§ **What you have to do**: Your answer must consist of exactly the lines below, starting with the line with "Lemma binom_central_double k" and going on through the line with "Lemma wallis_S_mul m", and nothing else.

•••••

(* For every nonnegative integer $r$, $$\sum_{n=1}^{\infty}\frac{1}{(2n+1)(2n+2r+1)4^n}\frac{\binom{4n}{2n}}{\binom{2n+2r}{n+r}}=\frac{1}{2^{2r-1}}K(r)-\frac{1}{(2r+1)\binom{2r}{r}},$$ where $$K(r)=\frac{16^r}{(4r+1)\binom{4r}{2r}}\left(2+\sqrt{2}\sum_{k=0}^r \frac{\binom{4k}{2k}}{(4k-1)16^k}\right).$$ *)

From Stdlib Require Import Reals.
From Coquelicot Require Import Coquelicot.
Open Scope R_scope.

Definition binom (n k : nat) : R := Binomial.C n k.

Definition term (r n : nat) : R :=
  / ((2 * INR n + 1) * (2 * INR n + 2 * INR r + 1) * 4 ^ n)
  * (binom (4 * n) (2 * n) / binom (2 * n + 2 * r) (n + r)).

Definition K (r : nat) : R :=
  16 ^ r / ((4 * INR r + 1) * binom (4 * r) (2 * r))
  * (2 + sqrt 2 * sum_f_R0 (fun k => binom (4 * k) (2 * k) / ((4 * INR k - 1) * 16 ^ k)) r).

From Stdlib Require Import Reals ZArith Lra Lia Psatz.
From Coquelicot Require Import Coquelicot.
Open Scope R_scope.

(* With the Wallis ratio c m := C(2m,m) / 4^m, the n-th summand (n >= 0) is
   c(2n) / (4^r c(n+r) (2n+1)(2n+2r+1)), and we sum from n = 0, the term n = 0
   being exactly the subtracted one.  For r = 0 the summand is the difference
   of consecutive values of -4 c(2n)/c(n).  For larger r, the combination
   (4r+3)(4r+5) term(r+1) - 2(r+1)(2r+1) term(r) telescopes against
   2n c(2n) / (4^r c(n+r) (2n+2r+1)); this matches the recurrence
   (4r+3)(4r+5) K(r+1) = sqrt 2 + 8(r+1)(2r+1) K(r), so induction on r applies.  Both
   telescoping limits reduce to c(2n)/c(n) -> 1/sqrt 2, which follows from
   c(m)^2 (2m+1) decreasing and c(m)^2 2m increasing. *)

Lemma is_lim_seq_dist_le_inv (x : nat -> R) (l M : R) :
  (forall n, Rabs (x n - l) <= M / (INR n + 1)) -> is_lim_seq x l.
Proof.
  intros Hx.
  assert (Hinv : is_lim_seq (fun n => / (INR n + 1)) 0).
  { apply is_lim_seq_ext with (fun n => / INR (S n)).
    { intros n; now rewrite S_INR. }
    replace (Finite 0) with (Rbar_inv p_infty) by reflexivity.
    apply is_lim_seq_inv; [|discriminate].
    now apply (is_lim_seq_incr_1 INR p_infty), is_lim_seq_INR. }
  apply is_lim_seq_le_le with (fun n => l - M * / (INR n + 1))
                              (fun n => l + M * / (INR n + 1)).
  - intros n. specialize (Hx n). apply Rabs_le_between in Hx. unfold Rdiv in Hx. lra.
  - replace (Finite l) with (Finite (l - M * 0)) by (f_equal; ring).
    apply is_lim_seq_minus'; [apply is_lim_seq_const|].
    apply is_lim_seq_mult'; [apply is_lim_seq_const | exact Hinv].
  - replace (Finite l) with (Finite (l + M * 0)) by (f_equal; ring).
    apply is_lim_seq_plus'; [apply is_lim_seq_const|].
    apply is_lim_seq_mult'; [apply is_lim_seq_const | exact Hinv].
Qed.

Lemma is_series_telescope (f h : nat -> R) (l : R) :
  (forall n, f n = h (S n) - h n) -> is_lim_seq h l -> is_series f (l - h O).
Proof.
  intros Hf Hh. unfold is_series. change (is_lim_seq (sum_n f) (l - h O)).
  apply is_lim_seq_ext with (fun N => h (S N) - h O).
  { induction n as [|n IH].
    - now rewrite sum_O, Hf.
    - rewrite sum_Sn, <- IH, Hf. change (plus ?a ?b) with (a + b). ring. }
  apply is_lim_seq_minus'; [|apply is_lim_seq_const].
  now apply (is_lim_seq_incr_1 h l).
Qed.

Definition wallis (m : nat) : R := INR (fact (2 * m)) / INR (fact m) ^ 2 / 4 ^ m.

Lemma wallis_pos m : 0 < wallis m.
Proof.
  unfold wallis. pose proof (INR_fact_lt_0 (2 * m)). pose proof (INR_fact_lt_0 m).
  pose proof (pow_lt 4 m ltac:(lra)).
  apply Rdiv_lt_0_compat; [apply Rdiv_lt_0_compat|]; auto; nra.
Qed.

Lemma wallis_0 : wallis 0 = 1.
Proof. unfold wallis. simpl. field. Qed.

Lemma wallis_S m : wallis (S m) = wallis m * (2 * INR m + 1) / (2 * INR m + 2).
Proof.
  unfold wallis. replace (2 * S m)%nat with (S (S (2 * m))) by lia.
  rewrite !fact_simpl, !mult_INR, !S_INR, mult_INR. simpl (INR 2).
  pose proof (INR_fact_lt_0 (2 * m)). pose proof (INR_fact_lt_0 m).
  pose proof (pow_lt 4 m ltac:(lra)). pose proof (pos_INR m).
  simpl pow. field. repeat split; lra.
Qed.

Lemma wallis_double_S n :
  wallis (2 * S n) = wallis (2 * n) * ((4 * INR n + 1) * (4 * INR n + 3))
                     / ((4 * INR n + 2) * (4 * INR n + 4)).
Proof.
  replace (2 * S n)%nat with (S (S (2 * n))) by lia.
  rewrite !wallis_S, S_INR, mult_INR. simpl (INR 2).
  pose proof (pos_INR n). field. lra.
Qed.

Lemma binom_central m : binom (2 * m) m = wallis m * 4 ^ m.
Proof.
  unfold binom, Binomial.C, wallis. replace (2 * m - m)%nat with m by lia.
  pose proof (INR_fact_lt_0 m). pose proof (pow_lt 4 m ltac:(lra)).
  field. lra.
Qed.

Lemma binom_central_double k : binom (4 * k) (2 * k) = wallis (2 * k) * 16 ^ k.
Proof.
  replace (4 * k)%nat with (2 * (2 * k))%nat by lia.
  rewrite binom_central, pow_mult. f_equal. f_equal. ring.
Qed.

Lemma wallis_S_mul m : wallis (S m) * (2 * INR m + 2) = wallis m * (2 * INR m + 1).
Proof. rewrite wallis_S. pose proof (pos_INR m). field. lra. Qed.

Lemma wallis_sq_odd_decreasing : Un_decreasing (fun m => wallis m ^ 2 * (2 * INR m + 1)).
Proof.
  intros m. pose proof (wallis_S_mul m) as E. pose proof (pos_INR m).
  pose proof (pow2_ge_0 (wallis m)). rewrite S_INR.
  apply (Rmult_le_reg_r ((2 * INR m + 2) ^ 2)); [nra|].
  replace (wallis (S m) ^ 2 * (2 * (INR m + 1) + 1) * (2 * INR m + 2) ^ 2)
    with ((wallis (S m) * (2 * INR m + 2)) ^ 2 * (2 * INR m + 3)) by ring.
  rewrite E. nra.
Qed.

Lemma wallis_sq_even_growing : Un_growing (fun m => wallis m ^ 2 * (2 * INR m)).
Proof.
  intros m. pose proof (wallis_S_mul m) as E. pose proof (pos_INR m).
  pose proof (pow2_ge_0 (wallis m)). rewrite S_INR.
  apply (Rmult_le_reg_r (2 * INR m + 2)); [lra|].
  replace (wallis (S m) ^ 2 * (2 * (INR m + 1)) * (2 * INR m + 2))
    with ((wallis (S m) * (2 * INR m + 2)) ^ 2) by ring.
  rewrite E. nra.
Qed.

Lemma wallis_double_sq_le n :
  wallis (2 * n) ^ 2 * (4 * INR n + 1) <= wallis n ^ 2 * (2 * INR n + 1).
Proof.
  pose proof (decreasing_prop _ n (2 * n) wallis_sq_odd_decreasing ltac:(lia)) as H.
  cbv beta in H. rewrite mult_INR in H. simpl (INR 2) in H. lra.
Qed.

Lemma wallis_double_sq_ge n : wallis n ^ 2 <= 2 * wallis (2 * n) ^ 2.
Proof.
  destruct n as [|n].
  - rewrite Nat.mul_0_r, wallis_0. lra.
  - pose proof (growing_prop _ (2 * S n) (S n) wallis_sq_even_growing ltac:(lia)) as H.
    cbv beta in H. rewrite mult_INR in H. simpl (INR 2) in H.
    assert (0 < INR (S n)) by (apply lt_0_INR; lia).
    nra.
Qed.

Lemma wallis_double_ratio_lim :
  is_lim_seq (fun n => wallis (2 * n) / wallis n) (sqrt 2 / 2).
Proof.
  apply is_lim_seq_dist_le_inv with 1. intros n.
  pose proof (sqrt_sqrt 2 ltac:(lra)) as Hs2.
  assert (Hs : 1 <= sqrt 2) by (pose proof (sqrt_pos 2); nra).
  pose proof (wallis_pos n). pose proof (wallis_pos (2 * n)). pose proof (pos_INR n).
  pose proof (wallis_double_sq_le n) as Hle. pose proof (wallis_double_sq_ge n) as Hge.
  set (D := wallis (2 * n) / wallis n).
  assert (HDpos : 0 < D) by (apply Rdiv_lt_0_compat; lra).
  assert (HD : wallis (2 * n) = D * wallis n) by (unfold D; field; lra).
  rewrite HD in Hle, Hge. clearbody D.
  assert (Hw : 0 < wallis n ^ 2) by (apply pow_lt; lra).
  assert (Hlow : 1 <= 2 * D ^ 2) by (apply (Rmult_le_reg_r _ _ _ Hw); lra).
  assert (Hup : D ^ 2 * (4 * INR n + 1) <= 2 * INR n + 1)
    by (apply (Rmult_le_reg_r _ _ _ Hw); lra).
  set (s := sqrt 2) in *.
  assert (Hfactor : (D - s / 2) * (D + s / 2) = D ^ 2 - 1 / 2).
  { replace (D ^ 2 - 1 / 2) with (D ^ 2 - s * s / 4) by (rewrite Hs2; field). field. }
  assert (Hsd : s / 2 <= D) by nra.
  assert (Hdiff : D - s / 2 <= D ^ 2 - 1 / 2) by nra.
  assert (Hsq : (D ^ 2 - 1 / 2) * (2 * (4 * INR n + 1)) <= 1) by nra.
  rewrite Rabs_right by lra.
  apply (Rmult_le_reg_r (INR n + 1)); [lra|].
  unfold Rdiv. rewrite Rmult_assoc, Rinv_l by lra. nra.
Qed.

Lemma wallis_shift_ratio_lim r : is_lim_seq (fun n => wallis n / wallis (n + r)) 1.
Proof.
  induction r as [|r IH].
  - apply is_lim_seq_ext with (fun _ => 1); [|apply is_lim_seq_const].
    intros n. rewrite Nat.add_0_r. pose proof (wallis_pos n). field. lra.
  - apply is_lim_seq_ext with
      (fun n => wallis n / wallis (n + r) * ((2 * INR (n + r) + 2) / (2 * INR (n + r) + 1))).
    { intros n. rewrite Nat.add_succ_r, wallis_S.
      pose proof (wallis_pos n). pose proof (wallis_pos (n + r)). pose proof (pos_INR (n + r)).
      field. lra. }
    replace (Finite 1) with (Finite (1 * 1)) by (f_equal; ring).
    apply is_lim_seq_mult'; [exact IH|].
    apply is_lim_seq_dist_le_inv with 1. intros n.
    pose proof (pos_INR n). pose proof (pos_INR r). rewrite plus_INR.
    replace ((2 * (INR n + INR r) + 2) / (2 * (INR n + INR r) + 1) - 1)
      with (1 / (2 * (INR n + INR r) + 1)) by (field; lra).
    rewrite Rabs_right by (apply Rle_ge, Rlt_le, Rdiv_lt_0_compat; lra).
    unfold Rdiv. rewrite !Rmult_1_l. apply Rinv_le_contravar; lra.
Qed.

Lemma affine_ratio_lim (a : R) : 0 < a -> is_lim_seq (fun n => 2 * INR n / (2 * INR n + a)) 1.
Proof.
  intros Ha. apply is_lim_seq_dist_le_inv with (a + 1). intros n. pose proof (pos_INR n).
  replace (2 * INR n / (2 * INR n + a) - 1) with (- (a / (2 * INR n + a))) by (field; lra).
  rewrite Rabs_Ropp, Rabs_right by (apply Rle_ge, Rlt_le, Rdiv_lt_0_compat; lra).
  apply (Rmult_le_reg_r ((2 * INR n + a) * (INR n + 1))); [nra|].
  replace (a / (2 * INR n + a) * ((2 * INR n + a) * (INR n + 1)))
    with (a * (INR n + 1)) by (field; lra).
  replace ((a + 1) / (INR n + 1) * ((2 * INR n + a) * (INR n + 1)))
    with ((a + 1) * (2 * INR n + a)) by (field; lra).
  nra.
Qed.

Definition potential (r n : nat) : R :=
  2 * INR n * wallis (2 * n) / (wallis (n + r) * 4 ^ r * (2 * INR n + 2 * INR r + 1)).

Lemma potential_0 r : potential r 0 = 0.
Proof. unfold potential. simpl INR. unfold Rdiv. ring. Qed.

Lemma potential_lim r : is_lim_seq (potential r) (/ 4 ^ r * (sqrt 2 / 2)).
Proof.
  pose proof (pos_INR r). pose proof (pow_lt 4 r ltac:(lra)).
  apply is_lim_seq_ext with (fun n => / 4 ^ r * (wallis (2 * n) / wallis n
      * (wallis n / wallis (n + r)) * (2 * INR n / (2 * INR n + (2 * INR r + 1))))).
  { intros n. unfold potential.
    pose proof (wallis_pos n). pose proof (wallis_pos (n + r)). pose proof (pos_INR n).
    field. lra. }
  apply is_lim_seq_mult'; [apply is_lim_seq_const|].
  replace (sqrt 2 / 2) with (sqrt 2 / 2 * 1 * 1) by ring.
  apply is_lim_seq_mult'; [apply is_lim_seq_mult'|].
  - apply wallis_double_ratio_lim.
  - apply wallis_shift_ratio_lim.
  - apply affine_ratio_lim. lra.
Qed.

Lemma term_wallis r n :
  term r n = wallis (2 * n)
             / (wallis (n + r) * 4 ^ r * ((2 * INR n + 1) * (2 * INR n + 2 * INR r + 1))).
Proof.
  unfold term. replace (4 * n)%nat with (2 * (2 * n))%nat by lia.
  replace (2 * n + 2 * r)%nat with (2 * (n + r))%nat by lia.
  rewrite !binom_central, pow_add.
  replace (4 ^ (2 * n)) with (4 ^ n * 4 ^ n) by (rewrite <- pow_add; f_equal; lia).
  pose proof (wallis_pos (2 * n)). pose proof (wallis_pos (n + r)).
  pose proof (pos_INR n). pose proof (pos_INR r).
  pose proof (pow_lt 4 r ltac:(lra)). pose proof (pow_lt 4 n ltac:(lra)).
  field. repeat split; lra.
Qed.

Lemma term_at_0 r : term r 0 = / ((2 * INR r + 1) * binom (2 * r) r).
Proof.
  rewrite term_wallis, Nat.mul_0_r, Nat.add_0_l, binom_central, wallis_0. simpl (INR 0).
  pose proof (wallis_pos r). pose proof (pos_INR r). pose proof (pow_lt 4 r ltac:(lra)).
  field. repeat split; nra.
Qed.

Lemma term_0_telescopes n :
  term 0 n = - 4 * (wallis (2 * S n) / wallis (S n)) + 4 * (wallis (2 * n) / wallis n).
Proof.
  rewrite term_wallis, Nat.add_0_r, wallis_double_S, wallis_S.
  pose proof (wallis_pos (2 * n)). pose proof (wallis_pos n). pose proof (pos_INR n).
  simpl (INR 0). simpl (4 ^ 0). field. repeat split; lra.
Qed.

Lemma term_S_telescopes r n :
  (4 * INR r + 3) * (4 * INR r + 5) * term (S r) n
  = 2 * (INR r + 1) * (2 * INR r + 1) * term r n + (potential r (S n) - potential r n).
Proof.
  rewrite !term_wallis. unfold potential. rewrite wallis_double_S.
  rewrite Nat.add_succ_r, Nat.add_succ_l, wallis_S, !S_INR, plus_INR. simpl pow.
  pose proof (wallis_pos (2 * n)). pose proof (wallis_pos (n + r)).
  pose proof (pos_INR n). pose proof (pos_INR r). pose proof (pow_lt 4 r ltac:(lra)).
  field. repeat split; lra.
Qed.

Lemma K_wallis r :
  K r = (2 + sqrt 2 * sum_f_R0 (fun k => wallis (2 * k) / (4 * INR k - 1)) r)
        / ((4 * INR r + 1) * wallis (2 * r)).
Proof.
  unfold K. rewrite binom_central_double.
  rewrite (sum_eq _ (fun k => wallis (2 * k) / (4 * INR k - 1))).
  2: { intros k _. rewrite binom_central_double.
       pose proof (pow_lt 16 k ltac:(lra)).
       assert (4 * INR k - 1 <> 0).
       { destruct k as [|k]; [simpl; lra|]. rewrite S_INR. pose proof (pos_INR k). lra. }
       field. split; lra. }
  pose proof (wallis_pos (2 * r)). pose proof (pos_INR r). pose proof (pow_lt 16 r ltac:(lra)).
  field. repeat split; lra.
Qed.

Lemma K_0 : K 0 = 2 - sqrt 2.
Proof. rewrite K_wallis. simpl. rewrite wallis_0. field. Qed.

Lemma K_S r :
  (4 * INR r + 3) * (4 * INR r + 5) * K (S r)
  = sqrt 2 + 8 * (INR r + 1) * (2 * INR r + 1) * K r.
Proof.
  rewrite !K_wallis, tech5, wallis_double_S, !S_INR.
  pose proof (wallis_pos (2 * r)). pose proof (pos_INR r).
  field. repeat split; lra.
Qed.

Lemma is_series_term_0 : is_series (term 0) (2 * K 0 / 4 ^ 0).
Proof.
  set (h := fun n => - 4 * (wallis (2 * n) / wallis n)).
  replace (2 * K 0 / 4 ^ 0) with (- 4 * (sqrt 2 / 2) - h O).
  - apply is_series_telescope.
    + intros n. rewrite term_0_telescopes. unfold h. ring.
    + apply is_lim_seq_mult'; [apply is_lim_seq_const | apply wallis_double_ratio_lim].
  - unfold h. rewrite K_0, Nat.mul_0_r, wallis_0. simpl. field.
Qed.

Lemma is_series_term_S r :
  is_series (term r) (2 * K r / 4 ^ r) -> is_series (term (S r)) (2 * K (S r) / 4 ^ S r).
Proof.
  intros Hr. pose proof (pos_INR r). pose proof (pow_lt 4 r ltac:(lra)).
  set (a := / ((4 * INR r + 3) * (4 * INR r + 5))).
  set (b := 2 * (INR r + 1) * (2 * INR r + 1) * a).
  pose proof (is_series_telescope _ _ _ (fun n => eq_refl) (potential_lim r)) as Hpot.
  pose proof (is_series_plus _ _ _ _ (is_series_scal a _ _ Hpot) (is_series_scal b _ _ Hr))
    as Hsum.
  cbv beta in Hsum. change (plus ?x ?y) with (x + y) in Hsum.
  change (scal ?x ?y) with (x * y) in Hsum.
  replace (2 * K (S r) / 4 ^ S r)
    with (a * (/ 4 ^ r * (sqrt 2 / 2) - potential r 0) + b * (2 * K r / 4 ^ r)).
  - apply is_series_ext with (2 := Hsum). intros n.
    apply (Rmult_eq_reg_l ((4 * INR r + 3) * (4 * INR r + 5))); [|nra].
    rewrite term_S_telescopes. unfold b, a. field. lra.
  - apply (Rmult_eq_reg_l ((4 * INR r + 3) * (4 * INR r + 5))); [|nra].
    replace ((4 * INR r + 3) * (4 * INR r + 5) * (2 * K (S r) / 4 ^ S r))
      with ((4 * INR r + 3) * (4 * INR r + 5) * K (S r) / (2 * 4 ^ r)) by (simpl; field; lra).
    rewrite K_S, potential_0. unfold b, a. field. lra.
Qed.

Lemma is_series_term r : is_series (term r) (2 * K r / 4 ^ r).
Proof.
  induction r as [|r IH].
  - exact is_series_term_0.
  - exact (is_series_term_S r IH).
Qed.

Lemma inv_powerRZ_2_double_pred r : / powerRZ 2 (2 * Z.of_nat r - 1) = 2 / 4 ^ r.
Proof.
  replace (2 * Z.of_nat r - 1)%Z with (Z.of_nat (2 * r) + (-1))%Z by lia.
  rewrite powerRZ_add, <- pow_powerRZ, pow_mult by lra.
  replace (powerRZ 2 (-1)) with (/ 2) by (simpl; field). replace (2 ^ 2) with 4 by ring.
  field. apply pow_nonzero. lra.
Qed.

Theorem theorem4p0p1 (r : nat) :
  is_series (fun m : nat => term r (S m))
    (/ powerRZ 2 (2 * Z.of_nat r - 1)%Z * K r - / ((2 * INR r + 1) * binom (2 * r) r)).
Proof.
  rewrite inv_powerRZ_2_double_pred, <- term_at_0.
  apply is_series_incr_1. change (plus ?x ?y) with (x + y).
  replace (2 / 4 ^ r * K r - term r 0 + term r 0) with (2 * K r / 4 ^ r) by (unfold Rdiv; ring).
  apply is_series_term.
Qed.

•••••

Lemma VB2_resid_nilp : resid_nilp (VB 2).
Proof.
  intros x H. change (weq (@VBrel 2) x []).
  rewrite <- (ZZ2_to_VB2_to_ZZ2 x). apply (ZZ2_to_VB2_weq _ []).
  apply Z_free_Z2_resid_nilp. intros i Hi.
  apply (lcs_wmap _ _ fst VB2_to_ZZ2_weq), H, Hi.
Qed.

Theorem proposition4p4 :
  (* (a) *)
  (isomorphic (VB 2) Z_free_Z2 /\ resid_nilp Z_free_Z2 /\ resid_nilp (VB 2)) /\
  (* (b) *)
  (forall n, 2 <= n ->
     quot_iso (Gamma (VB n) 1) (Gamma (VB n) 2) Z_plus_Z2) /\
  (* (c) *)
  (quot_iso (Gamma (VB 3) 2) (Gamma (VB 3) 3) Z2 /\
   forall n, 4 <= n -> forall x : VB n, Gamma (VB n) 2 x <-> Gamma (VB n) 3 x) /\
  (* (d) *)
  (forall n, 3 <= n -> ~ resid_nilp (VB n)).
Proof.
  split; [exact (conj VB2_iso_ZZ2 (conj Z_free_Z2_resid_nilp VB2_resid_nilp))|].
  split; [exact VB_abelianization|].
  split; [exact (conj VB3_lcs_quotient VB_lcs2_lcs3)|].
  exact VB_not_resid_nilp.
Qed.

•••••

§ **Output of the task**:
Lemma binom_central_double k : binom (4 * k) (2 * k) = wallis (2 * k) * 16 ^ k.
Proof.
  replace (4 * k)%nat with (2 * (2 * k))%nat by lia.
  rewrite binom_central, pow_mult. f_equal. f_equal. ring.
Qed.

Lemma wallis_S_mul m : wallis (S m) * (2 * INR m + 2) = wallis m * (2 * INR m + 1).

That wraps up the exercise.